THE FIRST IDEAL OF ATTACHMENT PARENTING: BEING PREPARED FOR CHILDBIRTH

 
 

Note: This article was published, citation information below.

 
 

Ang, M. (2006). The First Ideal of Attachment Parenting: Being Prepared for Childbirth. In Infanity magazine, February 2006 issue.

 
 
AP parents will typically enter parenthood as well prepared as they can. This includes educating themselves on as many aspects of parenting as possible through extensive reading, attending childbirth and breastfeeding classes as well as carefully discussing and weighing up parenting philosophies and birthing choices. In the case of the latter they will, as far as possible, opt for the most natural or least interventionist delivery approach. AP parents often prepare birth plans, stating their preferences on matters such as labour, monitoring, pain control, delivery positions, post-delivery baby care, breastfeeding and caesarean sections.

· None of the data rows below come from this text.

(* Let $\lambda,\nu$ be partitions with $\nu$ obtained from $\lambda$ by adding one cell. Then \[ \lim_{q\to1}\alpha_{\nu/\lambda}(q,q)=\lim_{q\to1}\overline{\alpha}_{\nu/\lambda}(q,q)=\frac{H_\lambda}{H_\nu}, \] where $H_\kappa=\prod_{c\in\kappa}h_\kappa(c)$ is the product of hook-lengths.
   Context: Partitions are Young diagrams in French convention (cells $(x,y)\in\mathbb{Z}_{>0}^2$, $x\le\lambda_y$), $\lambda'$ the conjugate; for $c=(x,y)\in\lambda$, $a_\lambda(c)=\lambda_y-x$, $\ell_\lambda(c)=\lambda'_x-y$, $h_\lambda(c)=a_\lambda(c)+\ell_\lambda(c)+1$. For $\lambda\subseteq\nu$, $\mathcal{R}_{\nu/\lambda}$ (resp. $\mathcal{C}_{\nu/\lambda}$) is the set of cells of $\lambda$ in a row (resp. column) containing a cell of $\nu/\lambda$. With $[i,j]=1-q^it^j$: $\alpha_{\nu/\lambda}(q,t)=\prod_{c\in\mathcal{R}_{\nu/\lambda}}\frac{[a_\lambda(c),\ell_\lambda(c)+1]}{[a_\nu(c),\ell_\nu(c)+1]}\prod_{c\in\mathcal{C}_{\nu/\lambda}}\frac{[a_\lambda(c)+1,\ell_\lambda(c)]}{[a_\nu(c)+1,\ell_\nu(c)]}$, $\overline{\alpha}_{\nu/\lambda}(q,t)=\prod_{c\in\mathcal{R}_{\nu/\lambda}}\frac{[a_\lambda(c)+1,\ell_\lambda(c)]}{[a_\nu(c)+1,\ell_\nu(c)]}\prod_{c\in\mathcal{C}_{\nu/\lambda}}\frac{[a_\lambda(c),\ell_\lambda(c)+1]}{[a_\nu(c),\ell_\nu(c)+1]}$. *)

From HB Require Import structures.
From mathcomp Require Import all_boot all_order all_algebra.
Set Implicit Arguments. Unset Strict Implicit. Unset Printing Implicit Defensive.
Import Order.TTheory GRing.Theory Num.Theory.

(* Partitions as weakly decreasing sequences of positive parts:
   lambda = [:: lambda_1; lambda_2; ...].  Cells (x,y) in French
   convention, x = column >= 1, y = row >= 1, with x <= lambda_y. *)

Definition is_partition (l : seq nat) : bool :=
  sorted geq l && all (fun r => 0 < r)%N l.

(* lambda_y (1-indexed), 0 beyond the last row *)
Definition prow (l : seq nat) (y : nat) : nat := nth 0%N l y.-1.

Definition pcol (l : seq nat) (x : nat) : nat := count (fun r => x <= r)%N l.

Definition cells (l : seq nat) : seq (nat * nat) :=
  [seq (x, y) | y <- iota 1 (size l), x <- iota 1 (prow l y)].

Definition arm (l : seq nat) (c : nat * nat) : nat := (prow l c.2 - c.1)%N.
Definition leg (l : seq nat) (c : nat * nat) : nat := (pcol l c.1 - c.2)%N.
Definition hook (l : seq nat) (c : nat * nat) : nat := (arm l c + leg l c + 1)%N.

Definition hook_prod (l : seq nat) : nat := (\prod_(c <- cells l) hook l c)%N.

Definition skew (n l : seq nat) : seq (nat * nat) :=
  [seq d <- cells n | d \notin cells l].

Definition inR (n l : seq nat) (c : nat * nat) : bool :=
  has (fun d => d.2 == c.2) (skew n l).
Definition inC (n l : seq nat) (c : nat * nat) : bool :=
  has (fun d => d.1 == c.1) (skew n l).

Local Open Scope ring_scope.

Definition brk (R : ringType) (q t : R) (i j : nat) : R := 1 - q ^+ i * t ^+ j.

Definition alpha (R : fieldType) (n l : seq nat) (q t : R) : R :=
  (\prod_(c <- cells l | inR n l c)
      (brk q t (arm l c) (leg l c).+1 / brk q t (arm n c) (leg n c).+1)) *
  (\prod_(c <- cells l | inC n l c)
      (brk q t (arm l c).+1 (leg l c) / brk q t (arm n c).+1 (leg n c))).

Definition alphabar (R : fieldType) (n l : seq nat) (q t : R) : R :=
  (\prod_(c <- cells l | inR n l c)
      (brk q t (arm l c).+1 (leg l c) / brk q t (arm n c).+1 (leg n c))) *
  (\prod_(c <- cells l | inC n l c)
      (brk q t (arm l c) (leg l c).+1 / brk q t (arm n c) (leg n c).+1)).

(* At t = q every bracket [i,j] = 1 - q^(i+j) depends only on i + j, and in both
   alpha and alphabar the two exponents of each factor add up to hook lengths, so
   alpha(q,q) = alphabar(q,q) is the product, over the cells c of R and of C, of
   (1 - q^h_lambda(c)) / (1 - q^h_nu(c)), which tends to h_lambda(c) / h_nu(c).
   If nu adds the cell (a,b) to lambda, then R is row b and C is column a of
   lambda; these disjoint sets are exactly the cells whose hook grows by one, all
   other hooks are unchanged and the new cell has hook 1, so the limit is
   H_lambda / H_nu.  The column lengths of nu are computed through the duality
   x <= lambda_y <-> y <= lambda'_x. *)

From Pilot Require Import Defs.
From HB Require Import structures.
From mathcomp Require Import all_boot all_order all_algebra.
From mathcomp Require Import all_classical all_reals all_analysis.
From mathcomp Require Import zify.
Import Order.TTheory GRing.Theory Num.Theory.
Import numFieldNormedType.Exports.
Set Implicit Arguments. Unset Strict Implicit. Unset Printing Implicit Defensive.

Lemma mem_cells s x y : ((x, y) \in cells s) = [&& 0 < y, 0 < x & x <= prow s y].
Proof.
apply/allpairsPdep/and3P => [[y' [x' [+ + [-> ->]]]]|[y0 x0 x_le]].
  by rewrite !mem_iota => /andP[? ?] /andP[? ?]; split => //; lia.
exists y, x; rewrite !mem_iota; split => //; last by lia.
have : 0 < nth 0 s y.-1 by rewrite /prow in x_le; lia.
by case: (ltnP y.-1 (size s)) => [|y_big]; [lia | rewrite nth_default].
Qed.

Lemma big_cells (R : Type) (idx : R) (op : Monoid.law idx) s M (F : nat * nat -> R) :
  size s <= M ->
  \big[op/idx]_(c <- cells s) F c =
  \big[op/idx]_(y <- iota 1 M) \big[op/idx]_(x <- iota 1 (prow s y)) F (x, y).
Proof.
move=> sM; rewrite big_allpairs_dep -(subnKC sM) iotaD big_cat /=.
rewrite [X in _ = op _ X]big1_seq ?Monoid.mulm1 // => y /andP[_].
by rewrite mem_iota => /andP[y_big _]; rewrite /prow nth_default ?big_nil //; lia.
Qed.

Lemma cells_subset_leq_nth l n y :
  {subset cells l <= cells n} -> nth 0 l y <= nth 0 n y.
Proof.
move=> sub_ln; case E: (nth 0 l y) => [//|k].
have : (k.+1, y.+1) \in cells l by rewrite mem_cells /prow /= E.
by move/sub_ln; rewrite mem_cells /prow.
Qed.

Lemma sumn_big_nth s M : size s <= M -> sumn s = \sum_(i < M) nth 0 s i.
Proof.
move=> sM; rewrite sumnE (big_nth 0) -(big_mkord xpredT) (big_cat_nat (leq0n _) sM) /=.
rewrite [X in _ = _ + X]big1_seq ?addn0 // => i /andP[_].
by rewrite mem_index_iota => /andP[? _]; rewrite nth_default.
Qed.

Lemma leq_nth_sumnS s t :
  (forall i, nth 0 s i <= nth 0 t i) -> sumn t = (sumn s).+1 ->
  exists i, forall j, nth 0 t j = nth 0 s j + (j == i).
Proof.
move=> le_st; set M := size s + size t.
rewrite (@sumn_big_nth t M) ?leq_addl // (@sumn_big_nth s M) ?leq_addr // => sum_t.
have /sum_nat_eq1[i [_ di dj]] : \sum_(i < M) (nth 0 t i - nth 0 s i) == 1.
  have : \sum_(i < M) nth 0 t i = \sum_(i < M) nth 0 s i + \sum_(i < M) (nth 0 t i - nth 0 s i).
    by rewrite -big_split; apply: eq_bigr => i _ /=; rewrite subnKC.
  lia.
case: i di dj => i iM /= di dj; exists i => j; have := le_st j.
case: (ltnP j M) => [jM | Mj]; last first.
  by rewrite !nth_default ?(leq_trans _ Mj) ?leq_addl ?leq_addr // gtn_eqF ?(leq_trans iM Mj).
case: (eqVneq j i) => [-> | ne]; first by lia.
have /dj : Ordinal jM != Ordinal iM by [].
by move=> /(_ isT) /=; lia.
Qed.

Lemma geq_trans : transitive geq.
Proof. by move=> y x z le_yx le_zy; exact: leq_trans le_zy le_yx. Qed.

Lemma leq_prow s y y' : is_partition s -> y <= y' -> prow s y' <= prow s y.
Proof.
case/andP=> s_sorted _ le_yy'; rewrite /prow.
case: (ltnP y'.-1 (size s)) => y'_small; last by rewrite nth_default.
by apply: (sorted_leq_nth geq_trans leqnn) => //; rewrite ?inE; lia.
Qed.

Lemma leq_prow_pcol s x y : is_partition s -> 0 < x -> 0 < y ->
  (x <= prow s y) = (y <= pcol s x).
Proof.
rewrite /prow /pcol => /andP[+ _] x_gt0; elim: s y => [|r s IH] [|y] //= s_sorted _.
  by rewrite nth_nil leqNgt x_gt0.
have s_le_r : all (geq r) s := order_path_min geq_trans s_sorted.
have {}s_sorted := path_sorted s_sorted.
case: (leqP x r) => x_r.
  by case: y => [|y] /=; rewrite // add1n ltnS -IH.
have nth_le_r i : nth 0 (r :: s) i <= r.
  case: i => [|i] //=; case: (ltnP i (size s)) => [i_s|?]; last by rewrite nth_default.
  exact: allP s_le_r _ (mem_nth 0 i_s).
rewrite (eq_in_count (a2 := pred0)) => [|z /(allP s_le_r) /= z_r]; last first.
  by rewrite leqNgt (leq_ltn_trans z_r x_r).
by rewrite count_pred0 leqNgt (leq_ltn_trans (nth_le_r y) x_r).
Qed.

Lemma eqn_from_leq (p m : nat) : (forall y, 0 < y -> (y <= p) = (y <= m)) -> p = m.
Proof.
move=> le_pm; case: (ltngtP p m) => // [lt_pm|lt_mp].
  by have := le_pm m (leq_ltn_trans (leq0n p) lt_pm); rewrite leqnn leqNgt lt_pm.
by have := le_pm p (leq_ltn_trans (leq0n m) lt_mp); rewrite leqnn leqNgt lt_mp.
Qed.

Lemma pcol_eq s x m : is_partition s -> 0 < x ->
  (forall y, 0 < y -> (x <= prow s y) = (y <= m)) -> pcol s x = m.
Proof.
move=> s_part x_gt0 prow_m; apply: eqn_from_leq => y y_gt0.
by rewrite -leq_prow_pcol // prow_m.
Qed.

Section one_cell.
Variables (l n : seq nat) (b : nat).
Hypotheses (l_part : is_partition l) (n_part : is_partition n) (b_gt0 : 0 < b)
  (prow_n : forall y, 0 < y -> prow n y = prow l y + (y == b)).
(* the added cell is (a, b) *)
Local Notation a := (prow l b).+1.

Lemma prow_n_b : prow n b = a.
Proof. by rewrite prow_n // eqxx addn1. Qed.

Lemma pcol_n_a : pcol n a = b.
Proof.
apply: pcol_eq => // y y_gt0; rewrite prow_n //.
case: (ltngtP y b) => [lt_yb|lt_by|->]; last by rewrite addn1 leqnn.
  have := leq_prow n_part (ltnW lt_yb); rewrite prow_n_b prow_n // (ltn_eqF lt_yb).
  by move=> ?; apply/idP/idP; lia.
by have := leq_prow l_part (ltnW lt_by) => ?; apply/idP/idP; lia.
Qed.

Lemma pcol_l_a : pcol l a = b.-1.
Proof.
apply: pcol_eq => // y y_gt0; case: (ltnP y b) => [lt_yb|le_by].
  have := leq_prow n_part (ltnW lt_yb); rewrite prow_n_b prow_n // (ltn_eqF lt_yb).
  by rewrite addn0 => ?; apply/idP/idP; lia.
by have := leq_prow l_part le_by => ?; apply/idP/idP; lia.
Qed.

Lemma pcol_nE x : 0 < x -> pcol n x = pcol l x + (x == a).
Proof.
move=> x_gt0; case: (eqVneq x a) => [->|ne].
  by rewrite pcol_n_a pcol_l_a addn1 prednK.
rewrite addn0; apply: pcol_eq => // y y_gt0; rewrite -leq_prow_pcol // prow_n //.
by case: eqP => [->|_]; rewrite ?addn0 // addn1 leq_eqVlt (negbTE ne) ltnS.
Qed.

Lemma arm_n c : c \in cells l -> arm n c = arm l c + (c.2 == b).
Proof.
by case: c => x y; rewrite mem_cells /arm /= => /and3P[y_gt0 _ ?]; rewrite prow_n //; lia.
Qed.

Lemma leg_n c : c \in cells l -> leg n c = leg l c + (c.1 == a).
Proof.
case: c => x y; rewrite mem_cells /leg /= => /and3P[y_gt0 x_gt0 x_le].
have : y <= pcol l x by rewrite -leq_prow_pcol.
by rewrite pcol_nE //; lia.
Qed.

Lemma cells_not_row_col c : c \in cells l -> ~~ ((c.2 == b) && (c.1 == a)).
Proof.
case: c => x y; rewrite mem_cells /= => /and3P[_ _].
by apply: contraTN => /andP[/eqP-> /eqP->]; rewrite ltnn.
Qed.

Lemma hook_n c : c \in cells l -> hook n c = hook l c + (c.2 == b) + (c.1 == a).
Proof. by move=> c_l; rewrite /hook arm_n // leg_n //; lia. Qed.

Lemma hook_n_new : hook n (a, b) = 1.
Proof. by rewrite /hook /arm /leg /= prow_n_b pcol_n_a !subnn. Qed.

Lemma hook_prod_n : hook_prod n = \prod_(c <- cells l) hook n c.
Proof.
rewrite /hook_prod !(@big_cells _ _ _ _ (size l + size n)) ?leq_addl ?leq_addr //.
apply: eq_big_seq => y; rewrite mem_iota => /andP[y_gt0 _].
rewrite prow_n //; case: eqP => [->|_]; last by rewrite addn0.
by rewrite iotaD big_cat /= big_seq1 add1n hook_n_new muln1.
Qed.

Lemma mem_skew d : (d \in Defs.skew n l) = (d == (a, b)).
Proof.
case: d => x y; rewrite mem_filter !mem_cells xpair_eqE.
case: (posnP y) => [->|y_gt0]; first by rewrite [0 == b]eq_sym (gtn_eqF b_gt0) andbF.
rewrite prow_n //=; case: (eqVneq y b) => [->|_]; rewrite ?addn1 ?addn0 ?andbT ?andbF /=;
  apply/idP/idP; lia.
Qed.

Lemma inR_skew c : inR n l c = (c.2 == b).
Proof.
apply/hasP/eqP => [[d]|c_b]; first by rewrite mem_skew => /eqP -> /eqP.
by exists (a, b); rewrite ?mem_skew //= c_b.
Qed.

Lemma inC_skew c : inC n l c = (c.1 == a).
Proof.
apply/hasP/eqP => [[d]|c_a]; first by rewrite mem_skew => /eqP -> /eqP.
by exists (a, b); rewrite ?mem_skew //= c_a.
Qed.

Local Open Scope ring_scope.

Lemma hook_ratio_prod (R : numFieldType) :
  \prod_(c <- cells l | inR n l c) ((hook l c)%:R / (hook n c)%:R) *
  \prod_(c <- cells l | inC n l c) ((hook l c)%:R / (hook n c)%:R)
  = (hook_prod l)%:R / (hook_prod n)%:R :> R.
Proof.
rewrite hook_prod_n /hook_prod !natr_prod -prodf_div [RHS](bigID (inR n l)) /=.
congr (_ * _); rewrite big_mkcond [RHS]big_mkcond; apply: eq_big_seq => c c_l /=.
rewrite inR_skew inC_skew hook_n //; have := cells_not_row_col c_l.
by case: (c.2 == b); case: (c.1 == a) => //= _; rewrite !addn0 divff // pnatr_eq0 /hook addn1.
Qed.

End one_cell.

Local Open Scope classical_set_scope.
Local Open Scope ring_scope.

Definition hook_qratio (R : fieldType) (n l : seq nat) (q : R) (c : nat * nat) : R :=
  (1 - q ^+ hook l c) / (1 - q ^+ hook n c).

Lemma brk_diag (R : nzRingType) (q : R) i j : brk q q i j = 1 - q ^+ (i + j).
Proof. by rewrite /brk exprD. Qed.

Lemma alpha_diag (R : fieldType) n l (q : R) : alpha n l q q =
  \prod_(c <- cells l | inR n l c) hook_qratio n l q c *
  \prod_(c <- cells l | inC n l c) hook_qratio n l q c.
Proof.
by rewrite /alpha; congr (_ * _); apply: eq_bigr => c _;
  rewrite !brk_diag /hook_qratio /hook !addn1 ?addnS ?addSn.
Qed.

Lemma alphabar_diag (R : fieldType) n l (q : R) : alphabar n l q q = alpha n l q q.
Proof.
by rewrite alpha_diag /alphabar; congr (_ * _); apply: eq_bigr => c _;
  rewrite !brk_diag /hook_qratio /hook !addn1 ?addnS ?addSn.
Qed.

Section limits.
Variable R : realType.

Lemma geom_sum_cvg m : \sum_(i < m) q ^+ i @[q --> (1 : R)^'] --> (m%:R : R).
Proof.
have -> : (fun q : R => \sum_(i < m) q ^+ i) = horner (\sum_(i < m) 'X^i).
  by apply: funext => q; rewrite horner_sum; apply: eq_bigr => i _; rewrite hornerXn.
have -> : (m%:R : R) = (\sum_(i < m) 'X^i).[1].
  by rewrite horner_sum; under eq_bigr do rewrite hornerXn expr1n; rewrite sumr_const card_ord.
apply: cvg_within_filter; exact: continuous_horner.
Qed.

Lemma expr_ratio_cvg m k : (0 < k)%N ->
  (1 - q ^+ m) / (1 - q ^+ k) @[q --> (1 : R)^'] --> (m%:R / k%:R : R).
Proof.
move=> k_gt0.
have geom_ratio : \forall q \near (1 : R)^',
    (\sum_(i < m) q ^+ i) / (\sum_(i < k) q ^+ i) = (1 - q ^+ m) / (1 - q ^+ k).
  near=> q; have q_neq1 : q - 1 != 0 by rewrite subr_eq0; near: q; exact: nbhs_dnbhs_neq.
  by rewrite -opprB -[1 - _]opprB invrN mulrNN !subrX1 -mulf_div divff ?mul1r.
apply: cvg_trans (near_eq_cvg geom_ratio) _.
apply: cvgM; first exact: geom_sum_cvg.
by apply: cvgV; [rewrite pnatr_eq0 -lt0n | exact: geom_sum_cvg].
Unshelve. all: by end_near.
Qed.

Lemma alpha_diag_cvg n l : alpha n l q q @[q --> (1 : R)^'] -->
  (\prod_(c <- cells l | inR n l c) ((hook l c)%:R / (hook n c)%:R) *
   \prod_(c <- cells l | inC n l c) ((hook l c)%:R / (hook n c)%:R) : R).
Proof.
under eq_cvg do rewrite alpha_diag.
have hook_qratio_cvg c :
    hook_qratio n l q c @[q --> (1 : R)^'] --> ((hook l c)%:R / (hook n c)%:R : R).
  by apply: expr_ratio_cvg; rewrite /hook addn1.
by apply: cvgM; apply: (cvg_big mul_continuous) => // c _; exact: hook_qratio_cvg.
Qed.

End limits.

Theorem lemma4p8 (R : realType) (l n : seq nat) :
  is_partition l -> is_partition n ->
  {subset cells l <= cells n} -> sumn n = (sumn l).+1 ->
  (alpha n l q q @[q --> (1 : R)^'] --> ((hook_prod l)%:R / (hook_prod n)%:R : R)) /\
  (alphabar n l q q @[q --> (1 : R)^'] --> ((hook_prod l)%:R / (hook_prod n)%:R : R)).
Proof.
move=> l_part n_part sub_ln sum_n.
have [b0 nth_n] := leq_nth_sumnS (fun y => cells_subset_leq_nth y sub_ln) sum_n.
have prow_n y : (0 < y)%N -> prow n y = (prow l y + (y == b0.+1))%N.
  by case: y => // y _; rewrite /prow /= nth_n.
have := @alpha_diag_cvg R n l.
rewrite (hook_ratio_prod l_part n_part (ltn0Sn b0) prow_n) => alpha_cvg.
by split=> //; under eq_cvg do rewrite alphabar_diag.
Qed.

PARENTING 101: GETTING AN EDUCATION

With the wealth of books and material available, it is no wonder many first time parents feel overwhelmed and just don’t know where to start reading. It is crucial to know that just because a book is available for sale in a respectable bookstore, it doesn’t mean that the information contained in it is good. Anyone can write and publish a book if you have enough money to do so. So how does a new parent know which books are good and useful and which are unhelpful or even downright dangerous in what they advise? The key is in the independent, authoritative book reviews. What do I mean by authoritative? For example, there is a certain series of easily available parenting books that has been condemned outright by the American Academy of Paediatrics (www.aap.org), the most influential professional medical body in children’s medicine in North America and possibly the world. Why? Because hundreds or even thousands of babies have been diagnosed with failure to thrive after their parents adopted those books’ approach to raising their children. So this is very serious stuff. Never simply buy a book and just follow what it says (the same goes for simply following the advice of other people as well) – make sure the practices you adopt with your baby are valid and based on solid medically supported advice – this is your baby! There is no room for mistakes!

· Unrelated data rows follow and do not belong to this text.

(* Let $n\ge 3$, and consider the polynomial ring $\mathbb{Q}[a_0,\ldots,a_{n-1},r_1,\ldots,r_n]$ in $2n$ indeterminates. For $i=1,\ldots,n$ let $s_i$ be the elementary symmetric polynomial of degree $i$ in $r_1,\ldots,r_n$ and $v_i=a_{n-i}-(-1)^i s_i$. Let $D_2\in\mathbb{Q}[a_0,\ldots,a_{n-1}]$ be the polynomial obtained by expressing the symmetric polynomial $\prod_{1\le i,j,k\le n,\ i<j,\ j\ne k,\ k\ne i}(2r_k-r_i-r_j)$ in terms of $a_{n-i}=(-1)^i s_i$. Then \begin{align*} \Big\langle \prod_{\substack{1\le i,j,k\le n\\ i<j,\ j\ne k,\ k\ne i}}(2r_k-r_i-r_j),\,v_1,\ldots,v_n\Big\rangle\cap\mathbb{Q}[a_0,\ldots,a_{n-1}] &=\langle 2r_1-r_2-r_3,\,v_1,\ldots,v_n\rangle\cap\mathbb{Q}[a_0,\ldots,a_{n-1}]\\ &=\langle D_2\rangle . \end{align*}
   Context: $\langle g_1,\ldots,g_m\rangle$ denotes the ideal generated by $g_1,\ldots,g_m$ (in the ring containing the generators). *)

From mathcomp Require Import all_boot all_algebra.
From mathcomp Require Import mpoly.
Set Implicit Arguments. Unset Strict Implicit. Unset Printing Implicit Defensive.
Import GRing.Theory.
Local Open Scope ring_scope.

Definition in_ideal (R : comPzRingType) (gs : seq R) (p : R) : Prop :=
  exists c : 'I_(size gs) -> R, p = \sum_(i < size gs) c i * gs`_i.

(* Variable r_{k+1} (0-based index k) of Q[r_1,...,r_n]; 0 if k >= n. *)
Definition rX (n k : nat) : {mpoly rat[n]} :=
  if insub k is Some i then 'X_i else 0.

Definition Pprod (n : nat) : {mpoly rat[n]} :=
  \prod_(i < n) \prod_(j < n | (i < j)%N) \prod_(k < n | (k != i) && (k != j))
     (2 * 'X_k - 'X_i - 'X_j).

(* The big ring Q[a_0..a_{n-1}, r_1..r_n] = {mpoly rat[n + n]}:
   a_j = 'X_(lshift n j), r_{i+1} = 'X_(rshift n i). *)
Definition emb_a (n : nat) (q : {mpoly rat[n]}) : {mpoly rat[n + n]} :=
  comp_mpoly [tuple ('X_(lshift n j) : {mpoly rat[n + n]}) | j < n] q.
Definition emb_r (n : nat) (q : {mpoly rat[n]}) : {mpoly rat[n + n]} :=
  comp_mpoly [tuple ('X_(rshift n i) : {mpoly rat[n + n]}) | i < n] q.
Definition qadd (x y : H) : H :=
  Quat (q0 x + q0 y) (q1 x + q1 y) (q2 x + q2 y) (q3 x + q3 y).
Definition qopp (x : H) : H := Quat (- q0 x) (- q1 x) (- q2 x) (- q3 x).

Definition qmul (x y : H) : H :=
  Quat (q0 x * q0 y - q1 x * q1 y - q2 x * q2 y - q3 x * q3 y)
       (q0 x * q1 y + q1 x * q0 y + q2 x * q3 y - q3 x * q2 y)
       (q0 x * q2 y - q1 x * q3 y + q2 x * q0 y + q3 x * q1 y)
       (q0 x * q3 y + q1 x * q2 y - q2 x * q1 y + q3 x * q0 y).

Definition qconj (x : H) : H := Quat (q0 x) (- q1 x) (- q2 x) (- q3 x).
Definition qnorm2 (x : H) : R := q0 x ^+ 2 + q1 x ^+ 2 + q2 x ^+ 2 + q3 x ^+ 2.
Definition qinv (x : H) : H :=
  let c := (qnorm2 x)^-1 in
  Quat (c * q0 x) (c * - q1 x) (c * - q2 x) (c * - q3 x).

Definition qpow (x : H) (k : nat) : H := iter k (qmul x) qone.

Inductive qgen (S : set H) : set H :=
| qgen_one : qgen S qone
| qgen_base x : S x -> qgen S x
| qgen_mul x y : qgen S x -> qgen S y -> qgen S (qmul x y)
| qgen_inv x : qgen S x -> qgen S (qinv x).

Definition omega (n : nat) : H := Quat (cos (pi / n%:R)) (sin (pi / n%:R)) 0 0.

Definition Dic (n : nat) : set H := qgen [set omega n; qJ].

Definition Ccyc (n r : nat) : set H := qgen [set qpow (omega n) (2 * n %/ r)].

Definition qcirc (x y : H) : H := qmul (qmul x (qinv y)) x.
Inductive Lclos (X : set H) : set H :=
| Lclos_base x : X x -> Lclos X x
| Lclos_circ x y : Lclos X x -> Lclos X y -> Lclos X (qcirc x y).

Definition Lab (n a b : nat) : set H :=
  Lclos [set qone; qpow (omega n) a; qJ; qmul (qpow (omega n) b) qJ].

Good reading material always includes plenty of reference to scientific research findings in recognized peer reviewed journals, usually medical. This doesn’t mean that to be an educated parent you have to have a medical degree, though many AP parents end up becoming extremely well versed with current relevant medical literature! Good reading material is available in the form of books, magazines and websites.

A Recommended Reading List

An excellent basic book to buy is “The Baby Book” by William and Martha Sears. It covers everything you need to know from birth to age two. The Sears library includes other good titles too. You can get these books in all the leading bookstores, including MPH, Kinokuniya and Borders.

The AskDrSears.com website is also an indispensable resource for parents and parents-to-be. One of the best websites on the Internet for everything to do with breastfeeding and attachment parenting is Kellymom.com. For us Internet buffs, this has to be the bread-and-butter (or rice bowl if you prefer!) resource for moms – it contains the answers to every question you are likely to come up with, not only in the early days but even as your baby grows into toddlerhood and beyond. Other very useful websites are Mothering.com and of course the Attachment Parenting International website at www.attachmentparenting.org.

I won’t give you an exhaustive list here, just a sampler. All the websites I’ve recommended provide lots of further reading lists for you, including other helpful books you may want to buy.

Childbirth and Parenting Classes

Attending a course can be very helpful as it gives you the chance to ask your instructor questions and get immediate answers, as well as to practice physical exercises. It should not exclude reading however, the two forms of parenting education should ideally go hand in hand for you to have as whole an education as possible.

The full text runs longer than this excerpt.